Dirty Water Tube Meat

There is something inherently disgusting, yet exquisitely divine about a hotdog. As a New Yorker, I feel it is hard to refuse one, as if you by some unseen force, you are attracted to every dirty-water steam cart you pass by on the sidewalk. Pretzels and hot dogs–and when I say pretzels I mean big, kosher salted, soft pretzels, warm enough to almost burn your tongue. I swear, New Yorkers could live on that diet. Don’t forget the Dr Brown’s soda, with the rat feces flecked across the top and lip of the can. It is as if everything about this operation is unsanitary, filthy, and, unhealthy. But that seems to be the draw. For some reason the cart excuses the unknown ingredients of the tube meat–the chemicals which are poured into the casing, the lips and assholes that are ground together to make nirvana in a bun–because of all this, it is ok.

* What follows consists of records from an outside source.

(* For positive integers $\ell,m$, let $A(\ell,m)$ be the $(\ell+m)\times(\ell+m)$ coloring matrix with entries $a_{ij}=0$ if $i,j>\ell$ and $a_{ij}=1$ otherwise (i.e., block form with an $\ell\times\ell$ all-ones upper-left block, all-ones off-diagonal blocks, and an $m\times m$ zero lower-right block). Then for all positive integers $\ell,m,n$, $$t_{A(\ell,m)}(n)=\sum_{k=0}^{n-1}\frac{2}{n}\binom{n}{k}\binom{2n-3}{n-k-1}\ell^{n-k}m^k;$$ for $1\le i\le\ell$, $$t_{A(\ell,m)}^{(i)}(n)=\sum_{k=0}^{n-1}\frac{1}{n}\binom{n}{k}\binom{2n-2}{n-k-1}\ell^{n-k-1}m^k;$$ and for $\ell+1\le i\le\ell+m$ and $n\ge2$, $$t_{A(\ell,m)}^{(i)}(n)=\sum_{k=1}^{n-1}\frac{1}{n-1}\binom{n-1}{k-1}\binom{2n-2}{n-k-1}\ell^{n-k}m^{k-1}.$$
   Context: A plane tree is an unlabeled rooted tree in which the children of every vertex are linearly ordered. A coloring matrix is a square matrix $A=(a_{ij})$ with entries in $\{0,1\}$. An $A$-coloring of a plane tree assigns to each vertex a color (an index of a row of $A$) such that whenever a vertex of color $j$ is a child of a vertex of color $i$, $a_{ij}=1$. Let $t_A(n)$ be the number of pairs (plane tree with $n$ vertices, $A$-coloring of it) and $t_A^{(i)}(n)$ the number of those with root color $i$. Binomial coefficients $\binom{a}{b}$ with $b<0$ or $b>a\ge0$ are $0$. *)

From mathcomp Require Import all_boot all_order all_algebra.
From Stdlib Require Lists.List.
Set Implicit Arguments. Unset Strict Implicit. Unset Printing Implicit Defensive.
Import Order.TTheory GRing.Theory Num.Theory.

(* A plane tree whose vertices carry colors in 'I_N.  Such an object is
   exactly a pair (plane tree, assignment of a color to each vertex):
   children are ordered by the list order. *)
Inductive ctree (N : nat) : Type :=
  CNode : 'I_N -> list (ctree N) -> ctree N.

Definition root_color N (t : ctree N) : 'I_N := let: CNode c _ := t in c.

Fixpoint csize N (t : ctree N) : nat :=
  let: CNode _ ts := t in
  ((fix sz (l : list (ctree N)) : nat :=
     match l with nil => 0 | s :: l' => csize s + sz l' end) ts).+1.

(* coloring matrix A (entries 0/1 as booleans): whenever a vertex of color j
   is a child of a vertex of color i, A i j = true. *)
Fixpoint valid N (A : 'M[bool]_N) (t : ctree N) : bool :=
  let: CNode c ts := t in
  (fix vl (l : list (ctree N)) : bool :=
     match l with
     | nil => true
     | s :: l' => [&& A c (root_color s), valid A s & vl l']
     end) ts.

Local Open Scope ring_scope.
Definition card_is (T : Type) (P : T -> Prop) (k : rat) : Prop :=
  exists s : list T, Stdlib.Lists.List.NoDup s /\ (forall x, Stdlib.Lists.List.In x s <-> P x)
                     /\ (size s)%:R = k.

Definition tA_is N (A : 'M[bool]_N) (n : nat) (k : rat) : Prop :=
  card_is (fun t : ctree N => csize t = n /\ valid A t) k.

Definition tAi_is N (A : 'M[bool]_N) (i : 'I_N) (n : nat) (k : rat) : Prop :=
  card_is (fun t : ctree N => [/\ csize t = n, valid A t & root_color t = i]) k.

(* A(l,m), with 0-based indices: entry (i,j) is 0 iff i >= l and j >= l. *)
Definition Alm (l m : nat) : 'M[bool]_(l + m) :=
  \matrix_(i, j) ~~ ((l <= i)%N && (l <= j)%N).
(* Let $\lambda=(\lambda_1,\ldots,\lambda_n)\in\mathbb{C}^n$ have pairwise distinct entries and let $\hat\lambda$ be any permutation (rearrangement) of the entries of $\lambda$. Then for all $t$, $[\nu_{0,\lambda}(t),\ldots,\nu_{n-1,\lambda}(t)]=[\nu_{0,\hat\lambda}(t),\ldots,\nu_{n-1,\hat\lambda}(t)]$.
   Context: For $\lambda\in\mathbb{C}^n$ with distinct entries, $V_\lambda$ is the $n\times n$ Vandermonde matrix with $(i,j)$ entry $\lambda_j^{i-1}$, and the Vandermonde basis functions are defined by $[\nu_{0,\lambda}(t),\ldots,\nu_{n-1,\lambda}(t)]=[e^{\lambda_1 t},\ldots,e^{\lambda_n t}]\,V_\lambda^{-1}$. *)

From HB Require Import structures.
From mathcomp Require Import all_boot all_order all_algebra all_fingroup.
From mathcomp Require Import all_classical all_reals all_analysis.
From mathcomp.real_closed Require Import complex.
Set Implicit Arguments. Unset Strict Implicit. Unset Printing Implicit Defensive.
Import Order.TTheory GRing.Theory Num.Theory.
Local Open Scope ring_scope.
Local Open Scope complex_scope.

Definition cexp (R : realType) (z : R[i]) : R[i] :=
  let: a +i* b := z in (expR a * cos b) +i* (expR a * sin b).

(* Vandermonde matrix V_lambda, (i,j) entry lambda_j^(i-1) (0-indexed: lambda_j^i) *)
Definition vdm (R : realType) (n : nat) (lam : 'I_n -> R[i]) : 'M[R[i]]_n :=
  \matrix_(i < n, j < n) lam j ^+ i.

(* row vector [nu_{0,lambda}(t), ..., nu_{n-1,lambda}(t)]
   = [e^{lambda_1 t}, ..., e^{lambda_n t}] V_lambda^{-1} *)
Definition vandbasis (R : realType) (n : nat) (lam : 'I_n -> R[i]) (t : R) : 'rV[R[i]]_n :=
  (\row_(j < n) cexp (lam j * t%:C)) *m invmx (vdm lam).

From HB Require Import structures.
From mathcomp Require Import all_boot all_order all_algebra all_fingroup.
From mathcomp Require Import all_classical all_reals all_analysis.
From mathcomp.real_closed Require Import complex.
Local Open Scope ring_scope.
Local Open Scope complex_scope.
Import GRing.Theory.

(* Permuting the entries of lambda permutes the columns of both the exponential
   row r and V_lambda, i.e. multiplies both on the right by the same permutation
   matrix P, and (r P) (V P)^-1 = r V^-1 as soon as V is invertible, which the
   Vandermonde determinant guarantees for distinct entries. *)

Lemma mulmx_invmx_col_perm (F : comUnitRingType) (m n : nat)
    (r : 'M[F]_(m, n)) (V : 'M[F]_n) (s : 'S_n) :
  V \in unitmx -> col_perm s r *m invmx (col_perm s V) = r *m invmx V.
Proof.
move=> V_unit; rewrite !col_permE.
have -> : r *m perm_mx s^-1 = r *m invmx V *m (V *m perm_mx s^-1).
  by rewrite mulmxA mulmxKV.
by rewrite mulmxK // unitmx_mul V_unit unitmx_perm.
Qed.

Lemma vdm_col_perm (R : realType) (n : nat) (lam : 'I_n -> R[i]) (s : 'S_n) :
  vdm (fun j => lam (s j)) = col_perm s (vdm lam).
Proof. by apply/matrixP => i j; rewrite !mxE. Qed.

Lemma vdm_unitmx (R : realType) (n : nat) (lam : 'I_n -> R[i]) :
  injective lam -> vdm lam \in unitmx.
Proof.
move=> lam_inj.
have -> : vdm lam = Vandermonde n (\row_j lam j) by apply/matrixP => i j; rewrite !mxE.
rewrite unitmxE det_Vandermonde unitfE.
apply/prodf_neq0 => i _; apply/prodf_neq0 => j lt_ij.
by rewrite !mxE subr_eq0 (inj_eq lam_inj) eq_sym neq_ltn lt_ij.
Qed.

Theorem proposition3 (R : realType) (n : nat) (lam : 'I_n -> R[i])
  (hdist : injective lam) (s : 'S_n) (t : R) :
  vandbasis lam t = vandbasis (fun j => lam (s j)) t.
Proof.
rewrite /vandbasis vdm_col_perm.
have -> : \row_j cexp (lam (s j) * t%:C) = col_perm s (\row_j cexp (lam j * t%:C)).
  by apply/matrixP => i j; rewrite !mxE.
by rewrite mulmx_invmx_col_perm // vdm_unitmx.
Qed.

Now, if you were in a restaurant, and you sat down, that would instantly change the appeal. Could you imagine if you took the cart, and expanded it to a restaurant. The same guy serving you the hotdog, out back as the cook or chef, slinging your food around the kitchen, the same fingers handling money, handling your bun and dog, you would walk out demanding a refund. But there is something inherently mystical about street food, something we just can’t live without. It is as if the pulse of an area is measured by how many food trucks, trailers, and carts can ply their cheap food to the public, without some unknown, intestinal illness, striking the population.

We all love this food, and the cart, well it forgives all this. The big yellow umbrella, it just draws us in. I think it is our inner child screaming to relive the fourth of July, or family barbecues when you didn’t have to host them, but instead ran around barefoot in the yard, chasing fireflies and shooting off illegal fireworks much to your neighbors chagrin. Our inner teen remembers the nights at 7-11, where a buck-fifty bought a big bite, with all the toppings you could get–where the hotdog was lost, awash in a sea of chili and radioactive orange cheese, the greenest, most verdant relish known to humankind floating atop this diarrhea inducing delight. So, I say, here, here, to the most dirty of our foods, handled in the most unsanitary ways, in which we all shrug our shoulders at and say, ‘just one more.’